As with all diurnal reptiles, full spectrum light must be provided for bearded dragons to be healthy. Dragons also require a heat source and a temperature range from cooler to hotter. Bearded dragons do require a varied and specific diet. It is not difficult, however, to provide this diet in captivity. This is true especially since dragons tend not to be finicky eaters. 

Getting your new dragon and proper setup for her is a significant investment. Once everything is set up, care is primarily a matter of providing the proper food and keeping the cage clean.  Most of the care that your bearded dragon will need can be provided by your child. Monitor carefully, especially at first, to be sure that all tasks are being completed competently. You don’t want your child accidentally letting crickets loose in your house. 


Like all reptiles, bearded dragons can carry disease. This means they are not good for young children who may put them in their mouth. Make sure that your child is responsible enough for bearded dragon ownership before bringing one into your home. 

Keep in mind that when your dragon is a baby it will be much more delicate and skittish. Your child may not be able to hold it until it has gotten older. Some reptiles, like snakes, can go long periods without eating. Turtles can be supplied with live fish to munch on while you are gone. Bearded dragons, however, must be fed fresh food every day. Dragons also need live insects. If you are looking for an extremely low maintenance pet, a dragon is probably not right for you. 
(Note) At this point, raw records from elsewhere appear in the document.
Lemma ellF_inj x y : ellF k x = ellF k y -> x = y.
Proof.
  intros e. destruct (Rtotal_order x y) as [l|[l|l]]; auto;
    apply ellF_lt in l; lra.
Qed.

Lemma ellF_ge_id x : 0 <= x -> x <= ellF k x.
Proof.
  intros hx.
  assert (hle : RInt (fun _ => 1) 0 x <= ellF k x).
  { apply RInt_le; auto.
    - apply ex_RInt_const.
    - apply (@ex_RInt_continuous R_CompleteNormedModule).
      intros; apply continuous_inv_delta.
    - intros t _. pose proof (delta_pos t). pose proof (delta_le_1 t).
      change (1 <= / delta k t). rewrite <- Rinv_1. apply Rinv_le_contravar; lra. }
  rewrite RInt_const in hle. unfold scal, mult in hle; simpl in hle.
  unfold mult in hle; simpl in hle. lra.
Qed.

Lemma ellF_am u : 0 <= u -> ellF k (am k u) = u.
Proof.
  intros hu. unfold am. apply epsilon_spec.
  assert (hF : continuity (ellF k)).
  { intros x. apply continuity_pt_filterlim.
    apply (@ex_derive_continuous R_AbsRing R_NormedModule).
    eexists; apply is_derive_ellF. }
  destruct (IVT_gen (ellF k) 0 u u hF) as [p [_ hp]].
  - rewrite ellF_0. pose proof (ellF_ge_id u hu).
    rewrite Rmin_left, Rmax_right; lra.
  - exists p; exact hp.
Qed.

Lemma am_ellF p : 0 <= p -> am k (ellF k p) = p.
Proof.
  intros hp. apply ellF_inj. apply ellF_am.
  pose proof (ellF_ge_id p hp). lra.
Qed.

Lemma am_bounds u : 0 < u < ellK k -> 0 < am k u < PI / 2.
Proof.
  intros hu. rewrite <- (ellF_am u) in hu by lra.
  unfold ellK in hu. rewrite <- ellF_0 in hu.
  split; apply ellF_lt; tauto.
Qed.

Lemma double_denom_pos p : 0 < 1 - k ^ 2 * sin p ^ 4.
Proof.
  pose proof (delta_radicand_pos p). pose proof (pow2_ge_0 k).
  pose proof (SIN_bound p). assert (sin p ^ 2 <= 1) by nra. nra.
Qed.

Lemma double_denom_eq p :
  cos p ^ 2 + sin p ^ 2 * delta k p ^ 2 = 1 - k ^ 2 * sin p ^ 4.
Proof.
  rewrite delta_sqr. pose proof (sin2_cos2 p) as sc. unfold Rsqr in sc. nra.
Qed.

Lemma sin_amp_double p : cos p <> 0 ->
  sin (amp_double k p) = 2 * sin p * cos p * delta k p / (1 - k ^ 2 * sin p ^ 4).
Proof.
  intros hc. pose proof (double_denom_pos p) as hD. rewrite <- double_denom_eq in *.
  unfold amp_double. rewrite sin_2atan. field. split; [lra|exact hc].
Qed.

Lemma cos_amp_double p : cos p <> 0 ->
  cos (amp_double k p)
  = (cos p ^ 2 - sin p ^ 2 * delta k p ^ 2) / (1 - k ^ 2 * sin p ^ 4).
Proof.
  intros hc. pose proof (double_denom_pos p) as hD. rewrite <- double_denom_eq in *.
  unfold amp_double. rewrite cos_2atan. field. split; [lra|exact hc].
Qed.

Lemma delta_amp_double p : cos p <> 0 ->
  delta k (amp_double k p)
  = (delta k p ^ 2 - k ^ 2 * sin p ^ 2 * cos p ^ 2) / (1 - k ^ 2 * sin p ^ 4).
Proof.
  intros hc. pose proof (double_denom_pos p) as hD.
  pose proof (sin2_cos2 p) as sc. unfold Rsqr in sc.
  assert (hN : 0 < delta k p ^ 2 - k ^ 2 * sin p ^ 2 * cos p ^ 2).
  { rewrite delta_sqr. pose proof (pow2_ge_0 k). pose proof (SIN_bound p).
    assert (sin p ^ 2 * (1 + cos p ^ 2) <= 1) by nra.
    assert (0 <= sin p ^ 2 * (1 + cos p ^ 2)) by nra.
    nra. }
  unfold delta at 1. rewrite sin_amp_double by exact hc.
  rewrite <- (sqrt_pow2 ((delta k p ^ 2 - k ^ 2 * sin p ^ 2 * cos p ^ 2)
                         / (1 - k ^ 2 * sin p ^ 4)))
    by (apply Rlt_le, Rdiv_lt_0_compat; assumption).
  f_equal.
  replace ((2 * sin p * cos p * delta k p / (1 - k ^ 2 * sin p ^ 4)) ^ 2)
    with (4 * sin p ^ 2 * cos p ^ 2 * delta k p ^ 2 / (1 - k ^ 2 * sin p ^ 4) ^ 2)
    by (field; lra).
  rewrite delta_sqr. replace (cos p ^ 2) with (1 - sin p ^ 2) by lra.
  field. lra.
Qed.

Lemma is_derive_amp_double p : cos p <> 0 ->
  is_derive (amp_double k) p (2 * delta k (amp_double k p) / delta k p).
Proof.
  intros hc. rewrite delta_amp_double by exact hc.
  pose proof (double_denom_pos p) as hD. pose proof (delta_pos p) as hd.
  pose proof (double_denom_eq p) as hDe. rewrite <- hDe in hD.
  pose proof (sin2_cos2 p) as sc. unfold Rsqr in sc.
  pose proof (delta_radicand_pos p) as hr.
  unfold amp_double, delta in *. auto_derive;
    replace (1 + - (k * (k * 1) * (sin p * (sin p * 1)))) with (1 - k ^ 2 * sin p ^ 2) by ring.
  - repeat split; lra.
  - set (d := sqrt (1 - k ^ 2 * sin p ^ 2)) in *.
    set (s := sin p) in *. set (c := cos p) in *.
    rewrite <- hDe.
    replace (d ^ 2 - k ^ 2 * s ^ 2 * c ^ 2)
      with (d ^ 2 * (s * s + c * c) - k ^ 2 * s ^ 2 * c ^ 2) by (rewrite sc; ring).
    field. rewrite Rpow_mult_distr. repeat split; lra.
Qed.

Lemma amp_double_0 : amp_double k 0 = 0.
Proof.
  unfold amp_double. rewrite sin_0, cos_0, Rmult_0_l, Rdiv_0_l, atan_0. ring.
Qed.

Lemma ellF_amp_double p : - (PI / 2) < p < PI / 2 ->
  ellF k (amp_double k p) = 2 * ellF k p.
Proof.
  intros hp.
  set (g := fun y => ellF k (amp_double k y) - 2 * ellF k y).
  assert (dg : forall y, - (PI / 2) < y < PI / 2 -> is_derive g y 0).
  { intros y hy. assert (hc : cos y <> 0) by (apply Rgt_not_eq, cos_gt_0; lra).
    evar (dgy : R). replace 0 with dgy.
    - apply (@is_derive_minus R_AbsRing R_NormedModule).
      + apply (is_derive_comp (ellF k) (amp_double k)).
        * apply is_derive_ellF.
        * apply is_derive_amp_double, hc.
      + apply is_derive_scal, is_derive_ellF.
    - unfold dgy, minus, plus, opp, scal, mult; simpl. unfold mult; simpl.
      pose proof (delta_pos y). pose proof (delta_pos (amp_double k y)).
      field. lra. }
  destruct (MVT_gen g 0 p (fun _ => 0)) as [c [_ hc]].
  - intros y hy. apply dg. unfold Rmin, Rmax in hy. destruct Rle_dec; lra.
  - intros y hy. apply continuity_pt_filterlim.
    apply (@ex_derive_continuous R_AbsRing R_NormedModule). eexists. apply dg.
    unfold Rmin, Rmax in hy. destruct Rle_dec; lra.
  - unfold g in hc. rewrite amp_double_0, ellF_0 in hc. lra.
Qed.

Lemma amp_double_bounds p : 0 < p < PI / 2 -> 0 < amp_double k p < PI.
Proof.
  intros hp. unfold amp_double.
  assert (ht : 0 < sin p * delta k p / cos p).
  { apply Rdiv_lt_0_compat; [apply Rmult_lt_0_compat|];
      [apply sin_gt_0 | apply delta_pos | apply cos_gt_0]; lra. }
  pose proof (atan_increasing _ _ ht) as hpos. rewrite atan_0 in hpos.
  pose proof (atan_bound (sin p * delta k p / cos p)). lra.
Qed.

Lemma am_double u : 0 < u < ellK k -> am k (2 * u) = amp_double k (am k u).
Proof.
  intros hu. pose proof (am_bounds u hu) as hp.
  pose proof (amp_double_bounds _ hp) as hq.
  rewrite <- (am_ellF (amp_double k (am k u))) by lra.
  rewrite ellF_amp_double, ellF_am by lra. reflexivity.
Qed.

Lemma am_double_bounds u : 0 < u < ellK k -> 0 < am k (2 * u) < PI.
Proof.
  intros hu. rewrite am_double by exact hu.
  apply amp_double_bounds, am_bounds, hu.
Qed.

Lemma dn_sqr u : dn k u ^ 2 = 1 - k ^ 2 * sn k u ^ 2.
Proof. exact (delta_sqr (am k u)). Qed.

Lemma sn_double_pos u : 0 < u < ellK k -> 0 < sn k (2 * u).
Proof. intros hu. apply sin_gt_0; apply am_double_bounds, hu. Qed.

Lemma cn_double u : 0 < u < ellK k ->
  cn k (2 * u) = (cn k u ^ 2 - sn k u ^ 2 * dn k u ^ 2) / (1 - k ^ 2 * sn k u ^ 4).
Proof.
  intros hu. pose proof (am_bounds u hu) as hp.
  unfold cn at 1. rewrite am_double by exact hu.
  apply cos_amp_double, Rgt_not_eq, cos_gt_0; lra.
Qed.

Lemma dn_double u : 0 < u < ellK k ->
  dn k (2 * u) = (dn k u ^ 2 - k ^ 2 * sn k u ^ 2 * cn k u ^ 2) / (1 - k ^ 2 * sn k u ^ 4).
Proof.
  intros hu. pose proof (am_bounds u hu) as hp.
  change (dn k (2 * u)) with (delta k (am k (2 * u))). rewrite am_double by exact hu.
  apply delta_amp_double, Rgt_not_eq, cos_gt_0; lra.
Qed.

Lemma one_sub_dn_double u : 0 < u < ellK k ->
  1 - dn k (2 * u) = k ^ 2 * sn k u ^ 2 * (1 + cn k (2 * u)).
Proof.
  intros hu. rewrite cn_double, dn_double, dn_sqr by exact hu.
  pose proof (double_denom_pos (am k u)) as hD. fold (sn k u) in hD.
  replace (cn k u ^ 2) with (1 - sn k u ^ 2) by (pose proof (sn_sqr_add_cn_sqr k u); lra).
  field. lra.
Qed.

End Elliptic.

Lemma prof_nu_transformation z1 z3 k u : 0 <= z1 -> 0 <= sn k u ->
  z3 = z1 * cn k u -> prof_nu z1 z3 = z1 * sn k u.
Proof.
  intros h1 hs ->. unfold prof_nu.
  replace (z1 ^ 2 - (z1 * cn k u) ^ 2) with ((z1 * sn k u) ^ 2)
    by (rewrite <- (Rmult_1_r (z1 ^ 2)), <- (sn_sqr_add_cn_sqr k u); ring).
  apply sqrt_pow2, Rmult_le_pos; assumption.
Qed.

Lemma prof_k_transformation z1 z2 z3 k u : 0 <= k < 1 -> z1 <> 0 -> sn k u <> 0 ->
  z2 = z1 * dn k u -> z3 = z1 * cn k u -> prof_k z1 z2 z3 = k.
Proof.
  intros hk h1 hs -> ->. unfold prof_k.
  replace ((z1 ^ 2 - (z1 * dn k u) ^ 2) / (z1 ^ 2 - (z1 * cn k u) ^ 2)) with (k ^ 2).
  - apply sqrt_pow2; lra.
  - replace ((z1 * dn k u) ^ 2) with (z1 ^ 2 * dn k u ^ 2) by ring.
    replace ((z1 * cn k u) ^ 2) with (z1 ^ 2 * (1 - sn k u ^ 2))
      by (rewrite <- (sn_sqr_add_cn_sqr k u); ring).
    rewrite dn_sqr by nra.
    replace (z1 ^ 2 - z1 ^ 2 * (1 - sn k u ^ 2)) with ((z1 * sn k u) ^ 2) by ring.
    field. split; assumption.
Qed.

Lemma prof_k_bounds z1 z2 z3 : 0 <= z3 -> z3 < z2 -> z2 < z1 -> 0 < prof_k z1 z2 z3 < 1.
Proof.
  intros h3 h32 h21. unfold prof_k.
  assert (hr : 0 < (z1 ^ 2 - z2 ^ 2) / (z1 ^ 2 - z3 ^ 2) < 1).
  { split.
    - apply Rdiv_lt_0_compat; nra.
    - apply (Rmult_lt_reg_r (z1 ^ 2 - z3 ^ 2)); [nra|]. field_simplify; nra. }
  split.
  - apply sqrt_lt_R0; lra.
  - rewrite <- sqrt_1. apply sqrt_lt_1; lra.
Qed.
If your kid is obsessed with reptiles and has been begging you for a pet of her own, a bearded dragon may be the perfect solution for you. Speak seriously with your child about the responsibility of owning a bearded dragon, including the need to feed your dragon every day, clean the cage regularly, and perform other care like regular soaking. 

Even if your child says that she is up for taking care of the dragon completely by herself, it is really your responsibility. Make sure that the bearded dragon that you bring into your home is cared for well and given a good life.